= Beginning of Section =
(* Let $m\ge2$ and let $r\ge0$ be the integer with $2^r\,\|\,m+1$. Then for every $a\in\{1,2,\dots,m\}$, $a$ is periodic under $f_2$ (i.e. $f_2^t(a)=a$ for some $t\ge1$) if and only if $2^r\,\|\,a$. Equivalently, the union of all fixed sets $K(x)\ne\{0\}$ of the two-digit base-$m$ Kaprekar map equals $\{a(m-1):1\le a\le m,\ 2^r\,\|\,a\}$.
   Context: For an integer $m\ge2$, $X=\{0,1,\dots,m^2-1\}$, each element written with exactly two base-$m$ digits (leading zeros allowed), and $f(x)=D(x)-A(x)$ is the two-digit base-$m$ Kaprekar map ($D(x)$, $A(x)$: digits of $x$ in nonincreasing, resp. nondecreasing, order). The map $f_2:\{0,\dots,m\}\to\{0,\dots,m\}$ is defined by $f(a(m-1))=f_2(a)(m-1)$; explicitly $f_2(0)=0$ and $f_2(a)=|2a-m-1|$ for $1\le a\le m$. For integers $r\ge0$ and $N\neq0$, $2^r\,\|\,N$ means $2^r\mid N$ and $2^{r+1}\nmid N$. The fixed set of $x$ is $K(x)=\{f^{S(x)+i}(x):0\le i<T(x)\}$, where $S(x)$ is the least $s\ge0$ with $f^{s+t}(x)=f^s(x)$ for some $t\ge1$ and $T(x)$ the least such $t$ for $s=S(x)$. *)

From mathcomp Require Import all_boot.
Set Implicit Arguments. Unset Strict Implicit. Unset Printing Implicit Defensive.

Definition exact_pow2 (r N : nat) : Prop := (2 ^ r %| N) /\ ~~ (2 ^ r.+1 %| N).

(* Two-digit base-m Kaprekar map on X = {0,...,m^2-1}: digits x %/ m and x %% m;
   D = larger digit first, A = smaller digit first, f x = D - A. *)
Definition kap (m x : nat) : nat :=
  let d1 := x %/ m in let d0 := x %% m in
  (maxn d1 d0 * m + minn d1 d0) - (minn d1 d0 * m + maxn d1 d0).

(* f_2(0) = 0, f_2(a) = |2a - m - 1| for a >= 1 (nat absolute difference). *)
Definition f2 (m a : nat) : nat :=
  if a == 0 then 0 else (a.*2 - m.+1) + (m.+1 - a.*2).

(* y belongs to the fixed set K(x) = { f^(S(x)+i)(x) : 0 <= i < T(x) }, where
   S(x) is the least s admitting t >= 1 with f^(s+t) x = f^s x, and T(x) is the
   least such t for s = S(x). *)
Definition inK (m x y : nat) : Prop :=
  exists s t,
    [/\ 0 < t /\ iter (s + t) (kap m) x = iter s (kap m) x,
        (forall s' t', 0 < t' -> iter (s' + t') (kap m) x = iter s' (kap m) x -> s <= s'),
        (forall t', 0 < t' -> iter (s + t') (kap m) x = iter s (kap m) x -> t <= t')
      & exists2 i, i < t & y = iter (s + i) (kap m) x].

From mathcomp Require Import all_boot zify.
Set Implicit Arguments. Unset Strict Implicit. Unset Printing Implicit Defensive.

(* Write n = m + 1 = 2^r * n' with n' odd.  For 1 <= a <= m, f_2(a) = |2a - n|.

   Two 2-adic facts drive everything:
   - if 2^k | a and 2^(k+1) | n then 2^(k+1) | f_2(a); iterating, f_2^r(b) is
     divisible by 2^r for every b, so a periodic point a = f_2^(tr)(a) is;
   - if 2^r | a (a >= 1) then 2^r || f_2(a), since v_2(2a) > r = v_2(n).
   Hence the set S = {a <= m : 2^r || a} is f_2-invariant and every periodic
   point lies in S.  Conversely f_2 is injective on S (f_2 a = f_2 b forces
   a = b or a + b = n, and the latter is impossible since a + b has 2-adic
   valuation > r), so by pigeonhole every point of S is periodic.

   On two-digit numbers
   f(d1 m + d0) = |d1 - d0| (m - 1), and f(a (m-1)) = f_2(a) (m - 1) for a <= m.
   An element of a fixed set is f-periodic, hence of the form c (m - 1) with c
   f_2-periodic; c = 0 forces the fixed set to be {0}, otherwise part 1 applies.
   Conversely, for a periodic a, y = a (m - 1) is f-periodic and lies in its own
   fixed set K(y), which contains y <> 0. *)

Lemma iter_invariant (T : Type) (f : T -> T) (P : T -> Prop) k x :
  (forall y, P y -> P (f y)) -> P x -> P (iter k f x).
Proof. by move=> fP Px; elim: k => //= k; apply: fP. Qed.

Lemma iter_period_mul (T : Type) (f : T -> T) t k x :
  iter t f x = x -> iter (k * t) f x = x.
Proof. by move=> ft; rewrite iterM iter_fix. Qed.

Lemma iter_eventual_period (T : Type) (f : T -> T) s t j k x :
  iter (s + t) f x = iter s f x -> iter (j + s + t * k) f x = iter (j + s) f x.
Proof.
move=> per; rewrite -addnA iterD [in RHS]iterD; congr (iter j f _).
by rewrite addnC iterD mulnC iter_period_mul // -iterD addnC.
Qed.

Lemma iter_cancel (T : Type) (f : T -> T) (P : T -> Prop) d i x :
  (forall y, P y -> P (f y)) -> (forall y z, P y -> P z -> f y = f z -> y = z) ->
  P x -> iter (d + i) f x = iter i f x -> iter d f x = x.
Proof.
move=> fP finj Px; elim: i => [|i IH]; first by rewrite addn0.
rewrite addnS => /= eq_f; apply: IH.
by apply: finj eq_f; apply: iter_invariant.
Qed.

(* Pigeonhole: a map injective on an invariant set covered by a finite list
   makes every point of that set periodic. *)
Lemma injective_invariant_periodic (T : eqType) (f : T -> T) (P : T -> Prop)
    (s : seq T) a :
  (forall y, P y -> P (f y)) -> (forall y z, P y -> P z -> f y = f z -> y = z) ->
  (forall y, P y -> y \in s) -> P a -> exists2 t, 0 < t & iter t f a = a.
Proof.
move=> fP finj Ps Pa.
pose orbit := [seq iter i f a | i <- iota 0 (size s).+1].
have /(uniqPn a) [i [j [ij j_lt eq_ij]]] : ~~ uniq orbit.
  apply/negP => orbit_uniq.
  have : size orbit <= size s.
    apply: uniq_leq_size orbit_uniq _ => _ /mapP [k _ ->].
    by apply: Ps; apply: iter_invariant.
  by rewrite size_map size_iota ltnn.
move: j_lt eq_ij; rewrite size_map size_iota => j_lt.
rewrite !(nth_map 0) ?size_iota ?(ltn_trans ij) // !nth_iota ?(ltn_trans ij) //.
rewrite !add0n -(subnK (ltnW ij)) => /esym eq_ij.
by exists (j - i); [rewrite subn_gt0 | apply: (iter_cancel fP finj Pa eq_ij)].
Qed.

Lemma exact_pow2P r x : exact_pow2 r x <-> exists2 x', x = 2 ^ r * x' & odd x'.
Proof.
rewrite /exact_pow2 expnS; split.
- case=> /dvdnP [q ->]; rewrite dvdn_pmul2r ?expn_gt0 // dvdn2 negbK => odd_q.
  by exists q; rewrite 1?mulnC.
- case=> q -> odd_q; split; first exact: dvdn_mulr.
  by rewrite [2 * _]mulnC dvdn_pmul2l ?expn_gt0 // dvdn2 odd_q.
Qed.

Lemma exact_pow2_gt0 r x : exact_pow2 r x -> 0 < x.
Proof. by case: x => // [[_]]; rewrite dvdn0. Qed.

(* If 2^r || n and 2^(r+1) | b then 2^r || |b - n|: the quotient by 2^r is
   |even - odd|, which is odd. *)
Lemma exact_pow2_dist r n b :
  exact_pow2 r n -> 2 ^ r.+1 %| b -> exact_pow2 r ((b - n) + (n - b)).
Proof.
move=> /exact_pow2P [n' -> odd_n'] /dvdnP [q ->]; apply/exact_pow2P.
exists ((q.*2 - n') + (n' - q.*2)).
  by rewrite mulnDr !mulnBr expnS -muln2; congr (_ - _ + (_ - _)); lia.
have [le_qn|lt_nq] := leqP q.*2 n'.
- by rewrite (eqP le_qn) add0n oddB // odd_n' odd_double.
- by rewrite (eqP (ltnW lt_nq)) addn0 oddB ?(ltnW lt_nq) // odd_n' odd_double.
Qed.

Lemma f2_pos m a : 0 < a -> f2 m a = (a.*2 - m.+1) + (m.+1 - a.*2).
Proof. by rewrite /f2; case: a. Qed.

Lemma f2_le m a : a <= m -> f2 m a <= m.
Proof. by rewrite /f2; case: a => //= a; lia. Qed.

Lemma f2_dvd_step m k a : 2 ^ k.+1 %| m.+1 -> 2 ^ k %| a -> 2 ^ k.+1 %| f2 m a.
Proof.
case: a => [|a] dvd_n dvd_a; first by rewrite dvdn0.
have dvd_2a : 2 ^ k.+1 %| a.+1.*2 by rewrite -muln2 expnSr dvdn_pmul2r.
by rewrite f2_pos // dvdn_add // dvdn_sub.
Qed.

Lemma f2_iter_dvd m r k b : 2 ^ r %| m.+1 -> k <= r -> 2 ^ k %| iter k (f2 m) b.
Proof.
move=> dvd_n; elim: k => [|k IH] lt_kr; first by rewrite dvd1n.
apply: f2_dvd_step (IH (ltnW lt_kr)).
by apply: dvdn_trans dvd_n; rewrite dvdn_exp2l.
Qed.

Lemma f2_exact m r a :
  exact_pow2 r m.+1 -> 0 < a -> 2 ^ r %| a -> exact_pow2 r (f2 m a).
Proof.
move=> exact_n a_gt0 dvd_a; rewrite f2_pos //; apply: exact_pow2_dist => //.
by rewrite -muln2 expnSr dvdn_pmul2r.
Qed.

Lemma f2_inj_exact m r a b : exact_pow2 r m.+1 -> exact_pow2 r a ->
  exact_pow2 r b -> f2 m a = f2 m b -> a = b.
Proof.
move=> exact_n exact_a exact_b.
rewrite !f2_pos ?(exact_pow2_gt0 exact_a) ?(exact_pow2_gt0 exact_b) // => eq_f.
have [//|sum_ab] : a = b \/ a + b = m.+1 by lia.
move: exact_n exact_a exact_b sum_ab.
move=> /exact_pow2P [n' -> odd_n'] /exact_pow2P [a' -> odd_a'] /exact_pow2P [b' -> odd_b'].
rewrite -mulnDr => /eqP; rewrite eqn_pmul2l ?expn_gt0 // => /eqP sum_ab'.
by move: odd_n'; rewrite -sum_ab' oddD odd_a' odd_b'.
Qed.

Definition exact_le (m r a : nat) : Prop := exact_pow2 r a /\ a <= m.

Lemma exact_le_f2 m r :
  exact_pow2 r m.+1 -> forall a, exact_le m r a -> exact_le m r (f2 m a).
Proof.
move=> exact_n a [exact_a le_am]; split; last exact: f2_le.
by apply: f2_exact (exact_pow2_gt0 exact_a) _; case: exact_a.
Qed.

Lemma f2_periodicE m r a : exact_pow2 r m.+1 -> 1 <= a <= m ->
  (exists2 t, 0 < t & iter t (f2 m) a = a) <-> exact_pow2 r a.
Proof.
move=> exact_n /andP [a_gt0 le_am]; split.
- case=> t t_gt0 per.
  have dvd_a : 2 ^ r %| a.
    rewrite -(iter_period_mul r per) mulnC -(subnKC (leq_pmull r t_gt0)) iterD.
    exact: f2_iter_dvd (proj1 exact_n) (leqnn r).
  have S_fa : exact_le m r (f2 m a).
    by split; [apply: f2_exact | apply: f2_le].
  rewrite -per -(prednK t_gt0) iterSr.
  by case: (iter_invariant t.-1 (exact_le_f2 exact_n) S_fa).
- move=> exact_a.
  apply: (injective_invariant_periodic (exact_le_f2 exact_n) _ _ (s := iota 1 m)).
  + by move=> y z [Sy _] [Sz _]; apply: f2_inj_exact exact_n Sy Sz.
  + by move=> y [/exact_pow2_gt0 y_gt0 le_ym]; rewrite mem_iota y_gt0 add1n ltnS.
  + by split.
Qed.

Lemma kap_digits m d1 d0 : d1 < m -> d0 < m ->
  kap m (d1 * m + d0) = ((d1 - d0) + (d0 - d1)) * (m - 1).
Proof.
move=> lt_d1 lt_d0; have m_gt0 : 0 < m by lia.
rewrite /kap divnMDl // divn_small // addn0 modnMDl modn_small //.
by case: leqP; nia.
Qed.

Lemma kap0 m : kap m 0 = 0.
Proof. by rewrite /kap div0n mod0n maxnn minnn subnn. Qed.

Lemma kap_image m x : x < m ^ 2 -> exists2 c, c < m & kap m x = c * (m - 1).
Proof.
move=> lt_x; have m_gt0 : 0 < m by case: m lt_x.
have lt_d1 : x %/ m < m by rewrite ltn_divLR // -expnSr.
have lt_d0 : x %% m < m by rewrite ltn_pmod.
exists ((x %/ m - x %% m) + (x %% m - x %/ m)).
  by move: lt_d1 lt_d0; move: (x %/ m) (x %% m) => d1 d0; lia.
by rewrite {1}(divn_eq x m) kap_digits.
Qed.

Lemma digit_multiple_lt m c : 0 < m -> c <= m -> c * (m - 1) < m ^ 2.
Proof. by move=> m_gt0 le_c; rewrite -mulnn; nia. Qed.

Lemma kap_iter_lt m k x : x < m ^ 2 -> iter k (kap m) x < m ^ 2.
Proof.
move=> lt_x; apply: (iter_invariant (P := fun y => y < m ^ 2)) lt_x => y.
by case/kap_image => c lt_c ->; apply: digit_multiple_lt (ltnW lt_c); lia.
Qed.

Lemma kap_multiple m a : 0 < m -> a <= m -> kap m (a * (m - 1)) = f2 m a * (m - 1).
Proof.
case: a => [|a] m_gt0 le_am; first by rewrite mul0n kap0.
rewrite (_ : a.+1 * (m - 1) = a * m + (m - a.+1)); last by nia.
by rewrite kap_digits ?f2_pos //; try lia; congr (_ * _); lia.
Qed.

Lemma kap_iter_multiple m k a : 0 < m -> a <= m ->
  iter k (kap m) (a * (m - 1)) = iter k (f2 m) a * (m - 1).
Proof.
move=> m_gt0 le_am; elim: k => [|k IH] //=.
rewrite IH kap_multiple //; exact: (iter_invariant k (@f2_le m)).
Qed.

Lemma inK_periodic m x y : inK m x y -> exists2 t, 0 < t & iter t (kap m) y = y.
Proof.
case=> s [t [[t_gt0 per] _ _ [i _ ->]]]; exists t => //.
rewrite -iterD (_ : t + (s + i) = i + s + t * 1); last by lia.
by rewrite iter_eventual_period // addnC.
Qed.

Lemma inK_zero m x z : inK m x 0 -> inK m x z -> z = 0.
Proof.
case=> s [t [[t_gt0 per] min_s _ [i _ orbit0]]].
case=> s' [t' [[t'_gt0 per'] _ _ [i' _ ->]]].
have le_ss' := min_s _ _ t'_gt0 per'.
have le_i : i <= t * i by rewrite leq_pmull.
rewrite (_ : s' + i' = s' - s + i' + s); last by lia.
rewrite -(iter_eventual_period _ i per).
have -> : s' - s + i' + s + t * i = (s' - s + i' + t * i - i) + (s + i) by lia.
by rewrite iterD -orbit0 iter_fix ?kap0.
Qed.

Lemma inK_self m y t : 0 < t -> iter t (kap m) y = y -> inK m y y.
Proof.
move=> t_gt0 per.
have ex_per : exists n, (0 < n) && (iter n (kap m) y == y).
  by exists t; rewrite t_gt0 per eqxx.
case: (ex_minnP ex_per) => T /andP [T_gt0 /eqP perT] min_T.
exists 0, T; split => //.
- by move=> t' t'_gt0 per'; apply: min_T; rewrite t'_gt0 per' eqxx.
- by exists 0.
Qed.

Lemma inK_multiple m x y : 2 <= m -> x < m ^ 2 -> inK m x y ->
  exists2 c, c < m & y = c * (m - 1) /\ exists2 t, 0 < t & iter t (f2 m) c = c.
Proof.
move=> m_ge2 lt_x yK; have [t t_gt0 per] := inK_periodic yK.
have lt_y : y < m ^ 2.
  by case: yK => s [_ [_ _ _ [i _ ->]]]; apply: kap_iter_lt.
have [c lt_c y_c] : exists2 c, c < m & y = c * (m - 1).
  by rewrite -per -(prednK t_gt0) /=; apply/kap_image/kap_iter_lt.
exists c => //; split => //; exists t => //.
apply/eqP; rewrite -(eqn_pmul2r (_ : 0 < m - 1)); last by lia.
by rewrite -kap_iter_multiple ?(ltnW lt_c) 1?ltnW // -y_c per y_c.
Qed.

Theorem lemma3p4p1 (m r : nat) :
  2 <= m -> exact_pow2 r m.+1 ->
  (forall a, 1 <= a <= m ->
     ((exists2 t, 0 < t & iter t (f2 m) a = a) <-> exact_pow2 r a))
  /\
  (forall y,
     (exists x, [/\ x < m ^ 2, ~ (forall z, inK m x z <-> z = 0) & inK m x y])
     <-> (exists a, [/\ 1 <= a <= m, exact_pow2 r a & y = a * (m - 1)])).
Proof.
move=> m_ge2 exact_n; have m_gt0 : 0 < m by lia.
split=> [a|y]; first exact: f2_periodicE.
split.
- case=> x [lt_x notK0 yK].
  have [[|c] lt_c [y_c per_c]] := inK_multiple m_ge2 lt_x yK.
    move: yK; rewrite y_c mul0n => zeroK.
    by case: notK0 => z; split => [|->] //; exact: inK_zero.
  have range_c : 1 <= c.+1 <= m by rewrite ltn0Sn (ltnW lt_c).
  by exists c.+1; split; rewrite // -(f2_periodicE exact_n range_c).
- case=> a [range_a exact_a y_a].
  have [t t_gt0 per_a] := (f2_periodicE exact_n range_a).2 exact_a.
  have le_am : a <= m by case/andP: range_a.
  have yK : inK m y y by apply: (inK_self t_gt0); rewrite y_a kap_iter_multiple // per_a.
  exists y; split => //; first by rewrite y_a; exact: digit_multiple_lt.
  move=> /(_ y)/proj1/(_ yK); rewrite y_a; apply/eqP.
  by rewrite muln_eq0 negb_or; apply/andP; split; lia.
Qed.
= End of Section =
--- Exercise objective ---
Transcribe the records above from the line holding "have [le_qn|lt_nq] := leqP q.*2 n'." down to the line holding "Proof. by rewrite /f2; case: a =>", inclusive, without adding anything.

--- Written solution ---
have [le_qn|lt_nq] := leqP q.*2 n'.
- by rewrite (eqP le_qn) add0n oddB // odd_n' odd_double.
- by rewrite (eqP (ltnW lt_nq)) addn0 oddB ?(ltnW lt_nq) // odd_n' odd_double.
Qed.

Lemma f2_pos m a : 0 < a -> f2 m a = (a.*2 - m.+1) + (m.+1 - a.*2).
Proof. by rewrite /f2; case: a. Qed.

Lemma f2_le m a : a <= m -> f2 m a <= m.
Proof. by rewrite /f2; case: a => //= a; lia. Qed.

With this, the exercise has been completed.